Network-based prediction of quantitative cell morphology phenotypes. A wide variety of phenotypes based upon quantitative yeast cell shape and intracellular features [46] are predictable, as shown for the ten phenotypes in this receiver operating characteristic (ROC) analysis (selected from S. cerevisiae Morphology Database [SCMD] phenotypes with area under the ROC curve [AUC] > 0.68). For each of the features, the 40 genes whose deletion mutants show either the 40 highest or 40 lowest values for that quantitative feature (indicated by 'high' or 'low', respectively) were selected as the seed gene set. Predictability was evaluated using ROC analysis as in Figure 2, plotting the true positive prediction rate versus false positive rate, using leave-one-out cross-validation. For clarity, the line connecting the final point of each graph to the top right corner has been omitted. Labels of features are adapted for clarity from the SCMD [50]; the SCMD labels A, A1B, and C represent unbudded cells, budded cell with one nucleus in mother cell, and large-budded post-mitotic cells with nuclei in both mother and daughter cell, respectively. Ratio measurements refer to proportions across a population of cells. FN, false negative; FP, false positive; TN, true negative; TP, true positive.

Figure 9

Quantitative cell morphology phenotypes are predicted significantly better than random expectation. In contrast, genes whose disruption decreases population co-efficient of variance (CV) were not predictable. (a) A histogram plotting the distribution of the area under the receiver operating characteristic (ROC) curve (AUC) values for 562 quantitative morphological phenotypes shows a significantly higher proportion of high AUC values than for 1,000 size-matched random gene sets. (b) Separate analyses of phenotypes associated with morphologic features and phenotypes associated with cell-to-cell variability in the morphologic features reveals asymmetry in predictability.

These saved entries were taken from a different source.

Definition spanning_tree (G : graph) (T : gE G -> Prop) : Prop :=
  (forall x y : gV G, exists w, is_path x w y /\ Forall (fun l => T (fst l)) w) /\
  (forall (x : gV G) w, is_path x w x -> reduced w ->
      Forall (fun l => T (fst l)) w -> w = []).

(** Euler characteristic (real coefficients) of the realization of a
    CONNECTED graph G is the integer c: H_0 = R and H_1 has dimension the
    (finite) number k of arrows outside a spanning tree, so c = 1 - k. *)
Definition conn_euler_char (G : graph) (c : Z) : Prop :=
  exists (T : gE G -> Prop) (l : list (gE G)),
    @spanning_tree G T /\ NoDup l /\ (forall e, ~ T e <-> In e l) /\
    c = 1 - Z.of_nat (length l).

(** * Groupoids (with hom-setoids; strict groupoids are the case heq = eq) *)
Record groupoid := Groupoid {
  gOb : Type;
  gHom : gOb -> gOb -> Type;
  gheq : forall x y, gHom x y -> gHom x y -> Prop;
  gid : forall x, gHom x x;
  (* diagrammatic composition: f : x -> y, g : y -> z gives x -> z *)
  gcomp : forall x y z, gHom x y -> gHom y z -> gHom x z;
  ginv : forall x y, gHom x y -> gHom y x;
  gheq_equiv : forall x y, equivalence _ (@gheq x y);
  gcomp_proper : forall x y z (f f' : gHom x y) (g g' : gHom y z),
      gheq f f' -> gheq g g' -> gheq (gcomp f g) (gcomp f' g');
  ginv_proper : forall x y (f f' : gHom x y), gheq f f' -> gheq (ginv f) (ginv f');
  gcompA : forall x y z w (f : gHom x y) (g : gHom y z) (h : gHom z w),
      gheq (gcomp f (gcomp g h)) (gcomp (gcomp f g) h);
  gid_l : forall x y (f : gHom x y), gheq (gcomp (gid x) f) f;
  gid_r : forall x y (f : gHom x y), gheq (gcomp f (gid y)) f;
  ginv_l : forall x y (f : gHom x y), gheq (gcomp (ginv f) f) (gid y);
  ginv_r : forall x y (f : gHom x y), gheq (gcomp f (ginv f)) (gid x) }.

Arguments gheq {g x y} _ _ : rename.
Arguments gid g x : rename.
Arguments gcomp {g x y z} _ _ : rename.
Arguments ginv {g x y} _ : rename.

Definition thin (X : groupoid) : Prop :=
  forall x y (f g : gHom X x y), gheq f g.

Section Presented.
Variables (G : graph) (A : Type) (s t : A -> list (letter G)).

Inductive pstep : list (letter G) -> list (letter G) -> Prop :=
  | pstep_red u v e b : pstep (u ++ (e, b) :: (e, negb b) :: v) (u ++ v)
  | pstep_rel u v a : pstep (u ++ s a ++ v) (u ++ t a ++ v).

(** Equality of morphisms x -> y in the quotient of L1F1(G) by the
    relations: the equivalence generated by elementary moves (through paths). *)
Definition pequiv (x y : gV G) : pHom G x y -> pHom G x y -> Prop :=
  clos_refl_sym_trans _ (fun p q : pHom G x y => pstep (proj1_sig p) (proj1_sig q)).

(** X is isomorphic to the presented groupoid: a bijection on objects and
    a functor that is fully faithful (bijective on hom-sets). *)
Definition presents (X : groupoid) : Prop :=
  exists (f : gV G -> gOb X)
         (F : forall x y, pHom G x y -> gHom X (f x) (f y)),
    (forall x x', f x = f x' -> x = x') /\
    (forall o, exists x, f x = o) /\
    (forall x (r : pHom G x x), proj1_sig r = [] -> gheq (F x x r) (gid X (f x))) /\
    (forall x y z (p : pHom G x y) (q : pHom G y z) (r : pHom G x z),
        proj1_sig r = proj1_sig p ++ proj1_sig q ->
        gheq (F x z r) (gcomp (F x y p) (F y z q))) /\
    (forall x y (p q : pHom G x y), pequiv p q <-> gheq (F x y p) (F x y q)) /\
    (forall x y (h : gHom X (f x) (f y)), exists p, gheq (F x y p) h).
End Presented.

(** X has a finite presentation of deficiency d :
    a small connected groupoidal computad (G, A, s, t) with A finite and
    chi(F_Top1(G)) = c an integer, presenting X, with d = 1 - |A| - c. *)
Definition fp_deficiency (X : groupoid) (d : Z) : Prop :=
  exists (G : graph) (A : Type) (a0 a1 : A -> gV G) (s t : A -> list (letter G))
         (lA : list A) (c : Z),
    (forall a, is_path (a0 a) (s a) (a1 a)) /\
    (forall a, is_path (a0 a) (t a) (a1 a)) /\
    connected G /\ conn_euler_char G c /\
    NoDup lA /\ (forall a, In a lA) /\
    presents s t X /\
    d = 1 - Z.of_nat (length lA) - c.

Definition finitely_presented (X : groupoid) : Prop :=
  exists d, fp_deficiency X d.

Definition deficiency (X : groupoid) (d : Z) : Prop :=
  fp_deficiency X d /\ (forall d', fp_deficiency X d' -> d' <= d).

(* In a tree every reduced loop is empty, so any two parallel paths are equal in
   the free groupoid on a tree.  Hence, X being thin, a spanning tree of any
   presentation graph, with no relations at all, already presents X; this
   presentation has deficiency 1 - 0 - 1 = 0.
   Conversely, record for a word the signed number of occurrences of each of the
   k edges outside the spanning tree.  Equivalent words have count vectors that
   differ by a combination of the relation vectors count(s a) - count(t a).  An
   edge e outside the tree closed up through the tree is a loop equal to the
   identity in the thin groupoid X, and its count vector is the unit vector at e.
   So the |A| relation vectors span a k-dimensional space: k <= |A|, and the
   deficiency 1 - |A| - (1 - k) is at most 0. *)

From Stdlib Require Import ZArith.
From Stdlib Require Import List Relations Lia Classical ClassicalEpsilon ProofIrrelevance.
From mathcomp Require Import all_boot ssralg matrix mxalgebra zmodp zify.
Import GRing.Theory.

Set Implicit Arguments.
Unset Strict Implicit.
Unset Printing Implicit Defensive.
Local Open Scope nat_scope.

Lemma size_length (T : Type) (s : seq T) : size s = length s.
Proof. by elim: s => //= _ s ->. Qed.

Lemma nth_List_nth (T : Type) (x0 : T) (s : seq T) i : nth x0 s i = List.nth i s x0.
Proof. by elim: s i => [|y s IH] [|i] //=. Qed.

Section FreeGroupoid.
Variable G : graph.
Implicit Types (x y z : gV G) (u v w : seq (letter G)).

Lemma is_path_cat x y z u v : is_path x u y -> is_path y v z -> is_path x (u ++ v) z.
Proof.
elim: u x => [|l u IH] x /=; first by move=> ->.
by case=> <- Hu Hv; split=> //; apply: IH Hu Hv.
Qed.

Lemma is_path_catP x z u v : is_path x (u ++ v) z -> exists2 y, is_path x u y & is_path y v z.
Proof.
elim: u x => [|l u IH] x /=; first by exists x.
by case=> <- /IH [y Hu Hv]; exists y.
Qed.

Inductive cancel_step : seq (letter G) -> seq (letter G) -> Prop :=
  CancelStep u v e b : cancel_step (u ++ (e, b) :: (e, ~~ b) :: v) (u ++ v).

Definition reduces := clos_refl_trans _ cancel_step.

Lemma is_path_reduces x y u v : reduces u v -> is_path x u y -> is_path x v y.
Proof.
elim=> {u v} [_ _ [u v e b]|//|u w v _ IHuw _ IHwv] Hp; last exact/IHwv/IHuw.
case/is_path_catP: Hp => m Hu /= [Em [_ Hv]].
by apply: is_path_cat Hu _; case: b Em Hv => <-.
Qed.

Lemma reduces_ctx u v w w' : reduces w w' -> reduces (u ++ w ++ v) (u ++ w' ++ v).
Proof.
elim=> {w w'} [_ _ [w1 w2 e b]|w|w1 w2 w3 _ H12 _ H23]; last exact: rt_trans H12 H23.
- by apply: rt_step; have := CancelStep (u ++ w1) (w2 ++ v) e b; rewrite -!catA.
- exact: rt_refl.
Qed.

Definition letter_inv (l : letter G) : letter G := (l.1, ~~ l.2).
Definition word_inv w := rev (map letter_inv w).

Lemma word_inv_cons l w : word_inv (l :: w) = word_inv w ++ [:: letter_inv l].
Proof. by rewrite /word_inv /= rev_cons cats1. Qed.

Lemma is_path_word_inv x y w : is_path x w y -> is_path y (word_inv w) x.
Proof.
elim: w x => [|[e b] w IH] x /=; first by move=> ->.
case=> <- /IH Hw; rewrite word_inv_cons; apply: is_path_cat Hw _.
by case: b.
Qed.

Lemma reduces_word_invK w : reduces (word_inv w ++ w) [::].
Proof.
elim: w => [|[e b] w IH]; first exact: rt_refl.
apply: rt_trans IH; apply: rt_step.
by rewrite word_inv_cons -catA; have := CancelStep (word_inv w) w e (~~ b); rewrite negbK.
Qed.

Lemma exists_reduced w : exists2 r, reduces w r & reduced r.
Proof.
have [n] := ubnP (size w); elim: n w => // n IH w /ltnSE Hw.
have [wred | wNred] := classic (reduced w); first by exists w => //; apply: rt_refl.
have [u [v [e [b Ew]]]] : exists u v e b, w = u ++ (e, b) :: (e, ~~ b) :: v.
  by apply: NNPP => Hno; apply: wNred => u v e b Ew; apply: Hno; exists u, v, e, b.
have [|r Hr rred] := IH (u ++ v); first by move: Hw; rewrite Ew !size_cat /=; lia.
by exists r => //; apply: rt_trans Hr; apply: rt_step; rewrite Ew; apply: CancelStep.
Qed.

Lemma reduced_cons l w : reduced (l :: w) -> reduced w.
Proof. by move=> lw u v e b Ew; apply: (lw (l :: u) v e b); rewrite Ew. Qed.

Definition acyclic := forall x w, is_path x w x -> reduced w -> w = [::].

Section Relations.
Variables (A : Type) (s t : A -> seq (letter G)).

Lemma pequiv_reduces x y w w' (hw : is_path x w y) (hw' : is_path x w' y) :
  reduces w w' -> pequiv s t (exist _ w hw) (exist _ w' hw').
Proof.
move=> red_ww'; elim: red_ww' hw hw' => {w w'} [_ _ [u v e b]|w|u w v Huw IHuw _ IHwv] hu hv.
- exact/rst_step/pstep_red.
- by rewrite (proof_irrelevance _ hu hv); apply: rst_refl.
- have hw := is_path_reduces Huw hu.
  exact: rst_trans (IHuw hu hw) (IHwv hw hv).
Qed.

Lemma acyclic_pequiv : acyclic -> forall x y (p q : pHom G x y), pequiv s t p q.
Proof.
move=> acyc x y [wp hp] [wq hq].
have hpq : is_path x (wp ++ word_inv wq) x := is_path_cat hp (is_path_word_inv hq).
have hm : is_path x ((wp ++ word_inv wq) ++ wq) y := is_path_cat hpq hq.
apply: (rst_trans _ _ _ (exist (fun w => is_path x w y) _ hm)).
- apply/rst_sym/pequiv_reduces.
  by have := reduces_ctx wp [::] (reduces_word_invK wq); rewrite !cats0 catA.
- apply: pequiv_reduces.
  have [r red_r r_red] := exists_reduced (wp ++ word_inv wq).
  have r_nil := acyc _ _ (is_path_reduces red_r hpq) r_red.
  by rewrite r_nil in red_r; exact: (reduces_ctx [::] wq red_r).
Qed.
End Relations.
End FreeGroupoid.

Definition no_relations (H : graph) (a : Empty_set) : seq (letter H) := match a with end.

Section SpanningSubgraph.
Variables (G : graph) (T : gE G -> Prop).

Definition subgraph : graph :=
  @Graph (gV G) {e | T e} (fun e => gdom G (sval e)) (fun e => gcod G (sval e)).

Definition subletter (l : letter subgraph) : letter G := (sval l.1, l.2).

Lemma is_path_subgraph x w y :
  is_path (G := subgraph) x w y <-> is_path (G := G) x (map subletter w) y.
Proof.
elim: w x => [|[[e he] b] w IH] x //=.
by rewrite -IH; case: b.
Qed.

Lemma subgraph_word w : Forall (fun l => T l.1) w -> exists w', w = map subletter w'.
Proof.
elim=> [|[e b] {}w Te _ [w' ->]]; first by exists [::].
by exists ((exist _ e Te, b) :: w').
Qed.

Lemma reduced_subgraph w : reduced w -> reduced (map subletter w).
Proof.
elim: w => [|l1 w IH] wred [|l u] v e b //=.
- case: w wred {IH} => [|l2 w] wred //=.
  case: l1 l2 wred => [[e1 h1] b1] [[e2 h2] b2] wred [<- <- E2 B2 _] /=.
  subst e2 b2; rewrite (proof_irrelevance _ h2 h1) in wred.
  exact: (wred [::] w (exist _ e1 h1) b1).
- by case=> _; apply: IH (reduced_cons wred) u v e b.
Qed.

Hypothesis T_span : spanning_tree G T.

Lemma subgraph_path x y : exists w, is_path (G := subgraph) x w y.
Proof.
have [w [Hw /subgraph_word [w' Ew]]] := T_span.1 x y.
by exists w'; apply/is_path_subgraph; rewrite -Ew.
Qed.

Lemma subgraph_acyclic : acyclic subgraph.
Proof.
move=> x w /is_path_subgraph Hw /reduced_subgraph wred.
suff : map subletter w = [::] by case: w {Hw wred}.
apply: T_span.2 Hw wred _.
by elim: w => [|l w IH] //=; constructor => //; apply: proj2_sig.
Qed.

Lemma subgraph_spanning_tree : spanning_tree subgraph (fun _ => True).
Proof.
split=> [x y | x w Hw wred _]; last exact: subgraph_acyclic Hw wred.
have [w Hw] := subgraph_path x y.
by exists w; split=> //; apply/Forall_forall.
Qed.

Sets of genes whose disruption causes the 40 largest or smallest mean values of a morphological feature (middle plots) are significantly more predictable than random gene sets (left side). By contrast, although the sets of genes whose disruption most increase the CV tend to be predictable (high AUC), those that most decrease the CV are not (low AUC). Box-and-whisker plots are drawn as in Figure 3. (c) A comparison of the median phenotypic CVs observed for deletion strains versus replicate analyses of wild-type cells shows that deletion strains with the most reduced CVs are essentially wild-type-like in character, whereas those with the most increased CVs show significantly more cell-to-cell variability than wild-type cells. These latter knockout strains carry deletions for genes predominantly involved in maintaining genomic integrity. This trend is therefore likely to have arisen from nonclonal genetic variation in these strains, recapitulating the classic mutator phenotype.

Figure 10

Yeast genes with human orthologs linked to the same diseases are predicted better than random expectation. Predictability is measured as the area under a receiver operating characteristic (ROC) curve (AUC), as in Figure 3, measuring the AUC for each of 28 human diseases reported in the Online Mendelian Inheritance in Man (OMIM) disease database [51] that have four or more yeast orthologs annotated in the yeast function network and plotting the resulting AUC distributions. Real disease gene sets are significantly more predictable than size-matched random gene sets drawn from the set of yeast-human orthologs. Box plots are drawn as in Figure 3.